In the present invention, a solution in which Al is dispersed and dissolved in β-Si ₃ N ₄ is called β-sialon. The sialon is represented by the general formula Si _6-z Al _z O _z N _8-z , but the crystal grain 1 has the Al multi-region portion 5 having a larger Al abundance than the other portions 4, When the crystal particle 1 is β-sialon, the Z value in the general formula of the Al multi-region portion is at least twice as large as the Z value of the other portion 4, that is, has a region where the Al content is more than twice. Point to. The Al multi-region portion 5 is shown by a one-dot chain line in FIG. 2, but is actually defined by the Al content. The reflected electron image or secondary electron image obtained by a scanning electron microscope and wavelength dispersion type microanalyzer analysis. It can be confirmed that the Al multi-region portion 5 is obtained by comparing the above.

Further, in the crystal particle 1 made of β-Si ₃ N ₄ , having the Al multi-region portion 5 having a larger amount of Al than the other portion 4 of the crystal particle 1 means that β is not dissolved in Al. This means that there are Al multi-region portions 5 made of β-Si ₃ N ₄ in which Al is dispersed and dissolved in crystal grains 1 made of —Si ₃ N ₄ .
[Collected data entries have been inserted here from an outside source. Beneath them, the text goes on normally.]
(* For $\Re(s)\ge0$ and $(u,v)\in\mathbb{D}\times\mathbb{D}$, the function $F=F(s;\cdot,\cdot)$ satisfies the linear partial differential equation $$uP(u)\frac{\partial F}{\partial u}(u,v)+v\left[\rho(1-q)-(s+1+\rho-v)(u-q)\right]\frac{\partial F}{\partial v}(u,v)+\left[u(u-s-1-\rho)+(u-q)(u+v)\right]F(u,v)+L(u,v)=0,$$ where $P(u)=u^2-(s+1+\rho+q)u+sq+\rho+q$ and $$L(u,v)=\frac{v}{1-u}+(u+v)E(q,v)-v(s+1+\rho-v)\frac{\partial E}{\partial v}(q,v).$$
   Context: Queueing model: an $M^{[X]}/M/1$ processor-sharing queue. Batches arrive according to a Poisson process with rate $\rho>0$; each job requires an exponential service with mean $1$; the unit server capacity is shared equally among all jobs present; interarrival times, batch sizes and service requirements are independent. Batch sizes are geometric: $\mathbb{P}(B=b)=(1-q)q^{b-1}$, $b\ge1$, with $q\in(0,1)$, $\rho+q<1$. For $n\ge0,b\ge1$, $\Omega_{n,b}$ is the sojourn time of a tagged batch (from arrival to departure of its last job) given $n$ jobs present at its arrival and batch size $b$; $e^*_{n,b}(s)=\mathbb{E}(e^{-s\Omega_{n,b}})$. $\mathbb{D}$ is the open unit disk. $E(u,v)=E(s;u,v)=\sum_{n\ge0}\sum_{b\ge1}e^*_{n,b}(s)u^nv^b$ on $\mathbb{D}^2$, and $F(u,v)=\frac{E(u,v)-E(q,v)}{u-q}$ for $u\ne q$, $F(q,v)=\frac{\partial E}{\partial u}(q,v)$ (the dependence on $s$ is suppressed). *)

From Stdlib Require Import Reals ClassicalEpsilon.
From Coquelicot Require Import Coquelicot.

Open Scope R_scope.

(* Embedded jump chain of the tagged-batch process.  State (n,k):
   n = number of other jobs, k = remaining jobs of the tagged batch.
   While k >= 1 the total event rate is rho + 1 (Poisson arrivals at rate
   rho, unit-capacity exponential(1) processor sharing), so each sojourn
   in a state is Exp(rho+1).  An arrival (prob rho/(1+rho)) brings a batch
   of size b+1 w.p. (1-q) q^b; a departure (prob 1/(1+rho)) is a tagged job
   w.p. k/(n+k) and another job w.p. n/(n+k).
   absorb_prob rho q m n k = P(the tagged batch leaves after exactly m events
   | initial state (n,k)). *)
Fixpoint absorb_prob (rho q : R) (m n k : nat) : R :=
  match m with
  | O => match k with O => 1 | S _ => 0 end
  | S m' =>
    match k with
    | O => 0
    | S k' =>
      rho / (1 + rho) *
        Series (fun b => (1 - q) * q ^ b * absorb_prob rho q m' (n + S b) k)
      + / (1 + rho) *
        (INR k / INR (n + k) * absorb_prob rho q m' n k'
         + INR n / INR (n + k) * absorb_prob rho q m' (pred n) k)
    end
  end.

Definition CSeries (a : nat -> C) : C :=
  (Series (fun i => fst (a i)), Series (fun i => snd (a i))).

(* Laplace–Stieltjes transform of Omega_{n,b}: the sojourn time is a sum of
   N i.i.d. Exp(rho+1) holding times, N the number of events to absorption,
   so E e^{-s Omega} = sum_m P(N = m) ((1+rho)/(1+rho+s))^m. *)
Definition estar (rho q : R) (s : C) (n b : nat) : C :=
  CSeries (fun m => RtoC (absorb_prob rho q m n b) *
                    Cpow (RtoC (1 + rho) / (RtoC (1 + rho) + s)) m)%C.

Definition Egen (rho q : R) (s u v : C) : C :=
  CSeries (fun n => Cpow u n *
     CSeries (fun b => estar rho q s n (S b) * Cpow v (S b)))%C.

(* complex derivative (0 if it does not exist) *)
Definition Cderive (f : C -> C) (z : C) : C :=
  match excluded_middle_informative
          (exists l : C, @is_derive C_AbsRing C_NormedModule f z l) with
  | left H => proj1_sig (constructive_indefinite_description _ H)
  | right _ => RtoC 0
  end.

Definition Fgen (rho q : R) (s u v : C) : C :=
  if excluded_middle_informative (u = RtoC q)
  then Cderive (fun w => Egen rho q s w v) (RtoC q)
  else ((Egen rho q s u v - Egen rho q s (RtoC q) v) / (u - RtoC q))%C.

Definition Ppoly (rho q : R) (s u : C) : C :=
  (u * u - (s + RtoC 1 + RtoC rho + RtoC q) * u + s * RtoC q + RtoC rho + RtoC q)%C.

(* Write e_{n,b} for e*_{n,b}(s) and f_{n,b} = sum_k q^k e_{n+1+k,b}.  Conditioning on the
   first event after the arrival of the tagged batch gives
     (1+rho+s) e_{n,b+1} = rho (1-q) f_{n,b+1} + (b+1)/(n+b+1) e_{n,b} + n/(n+b+1) e_{n-1,b+1},
   and |e_{n,b}| <= 1 because e_{n,b} = sum_m P(N = m) z^m with |z| <= 1, N being the number
   of events before the batch leaves.  Hence E and F are double power series with polynomially
   bounded coefficients on the bidisc, where they can be differentiated termwise and summed in
   either order.  Multiplying the recursion by n+b and comparing coefficients gives
     (1+rho+s)(u E_u + v E_v) = rho (1-q)(u F_u + v F_v) + v/(1-u) + (u+v) E + u^2 E_u + v^2 E_v,
   and the f_{n,b} are the coefficients of F because E(u,v) = E(q,v) + (u-q) F(u,v).  Substituting
   this decomposition, E_u = F + (u-q) F_u and E_v(u,v) = E_v(q,v) + (u-q) F_v into the identity
   above yields the equation. *)

From Stdlib Require Import Reals Lra Lia ClassicalEpsilon FunctionalExtensionality.
From Coquelicot Require Import Coquelicot.

Open Scope R_scope.

(** * Complex series *)

Notation is_seriesC := (@is_series C_AbsRing C_NormedModule).

Lemma sum_n_shift {G : AbelianMonoid} (a : nat -> G) n :
  sum_n a (S n) = plus (a O) (sum_n (fun k => a (S k)) n).
Proof.
  induction n as [|n IH].
  - now rewrite sum_Sn, !sum_O.
  - now rewrite sum_Sn, IH, sum_Sn, plus_assoc.
Qed.

Lemma Series_shift_zero (a : nat -> R) : a O = 0 -> Series (fun k => a (S k)) = Series a.
Proof.
  intros H0. unfold Series. rewrite <- (Lim_seq_incr_1 (sum_n a)).
  f_equal. apply Lim_seq_ext. intros n. rewrite sum_n_shift, H0. symmetry. apply Rplus_0_l.
Qed.

Lemma CSeries_ext (a b : nat -> C) : (forall n, a n = b n) -> CSeries a = CSeries b.
Proof. intros H. unfold CSeries. f_equal; apply Series_ext; intros n; now rewrite H. Qed.

Lemma CSeries_shift_zero (a : nat -> C) : a O = 0%C -> CSeries (fun k => a (S k)) = CSeries a.
Proof.
  intros H0. unfold CSeries. f_equal;
  [apply (Series_shift_zero (fun i => fst (a i))) | apply (Series_shift_zero (fun i => snd (a i)))];
  now rewrite H0.
Qed.

Lemma is_seriesC_unique (a : nat -> C) (l1 l2 : C) : is_seriesC a l1 -> is_seriesC a l2 -> l1 = l2.
Proof. apply filterlim_locally_unique. Qed.

Lemma sum_n_fst (a : nat -> C) n : fst (sum_n a n) = sum_n (fun i => fst (a i)) n.
Proof. induction n as [|n IH]; [now rewrite !sum_O | rewrite !sum_Sn, <- IH; reflexivity]. Qed.

Lemma sum_n_snd (a : nat -> C) n : snd (sum_n a n) = sum_n (fun i => snd (a i)) n.
Proof. induction n as [|n IH]; [now rewrite !sum_O | rewrite !sum_Sn, <- IH; reflexivity]. Qed.

Lemma CSeries_unique (a : nat -> C) (l : C) : is_seriesC a l -> CSeries a = l.
Proof.
  intros H. destruct l as [l1 l2]. unfold CSeries. f_equal; apply is_series_unique.
  - eapply filterlim_ext; [intros n; apply sum_n_fst|].
    eapply filterlim_comp; [exact H | apply (continuous_fst l1 l2)].
  - eapply filterlim_ext; [intros n; apply sum_n_snd|].
    eapply filterlim_comp; [exact H | apply (continuous_snd l1 l2)].
Qed.

Lemma is_seriesC_plus (a b : nat -> C) (la lb : C) :
  is_seriesC a la -> is_seriesC b lb -> is_seriesC (fun n => a n + b n)%C (la + lb)%C.
Proof. intros Ha Hb. exact (is_series_plus a b la lb Ha Hb). Qed.

Lemma is_seriesC_scal (c : C) (a : nat -> C) (l : C) :
  is_seriesC a l -> is_seriesC (fun n => c * a n)%C (c * l)%C.
Proof. intros H. exact (is_series_scal_l c a l H). Qed.

Lemma is_seriesC_minus (a b : nat -> C) (la lb : C) :
  is_seriesC a la -> is_seriesC b lb -> is_seriesC (fun n => a n - b n)%C (la - lb)%C.
Proof. intros Ha Hb. exact (is_series_minus a b la lb Ha Hb). Qed.

Lemma CSeries_scal (k : C) (a : nat -> C) (l : C) :
  is_seriesC a l -> CSeries (fun n => k * a n)%C = (k * CSeries a)%C.
Proof.
  intros H. rewrite (CSeries_unique _ _ H). apply CSeries_unique, is_seriesC_scal, H.
Qed.

Lemma is_seriesC_unshift (a : nat -> C) (l : C) :
  is_seriesC a l -> is_seriesC (fun k => a (S k)) (l - a O)%C.
Proof.
  intros H. apply is_series_incr_1.
  match goal with |- is_series _ ?X => replace X with l end; [exact H |].
  change (l = (l - a O) + a O)%C. ring.
Qed.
The size of the Al multi-region portion 5 is equal to or slightly smaller than the particle size of the added β-sialon powder. In the present invention, the crystal particle 1 has the Al multi-region portion 5, and the coating layer 6 containing a rare earth element exists between the other portion 4 and the Al-rich region portion 5. And the aspect ratio of the crystal grains 1 is increased, and the strength and toughness can be improved. Furthermore, the amount of Al dispersed and dissolved in the crystal particles 1 from the Al large area can be reduced, and the thermal conductivity can be improved.

The β-Si ₃ N ₄ and β-sialon crystal particles 1 having the Al multi-region portion 5 have an aspect ratio of 3 to 8 on average and the minor axis length of the crystal particles 1 of 3 to 15 μm on average.

In the present invention, crystal grains 1 having the Al multi-region portion 5, that exist 8-26% by area in any cross-section of the sintered body. Thereby, while being able to raise the intensity | strength and toughness of a sintered compact, the crystal particle 1 which has Al multi-region part 5 can be made to exist moderately, and the heat dissipation of a sintered compact can be made high.

Further, the silicon nitride sintered body of the present invention is contained in the raw material, or you mixed from step N a, K, Fe, Ca , Ba, and mixed with inevitable impurities, such as Mn and B, These inevitable impurities are preferably 0.5% by mass or less in the total amount of the sintered body. Thereby, the fall of the thermal diffusivity of a sintered compact can be suppressed, and the thermal conductivity of a sintered compact can be improved as a result.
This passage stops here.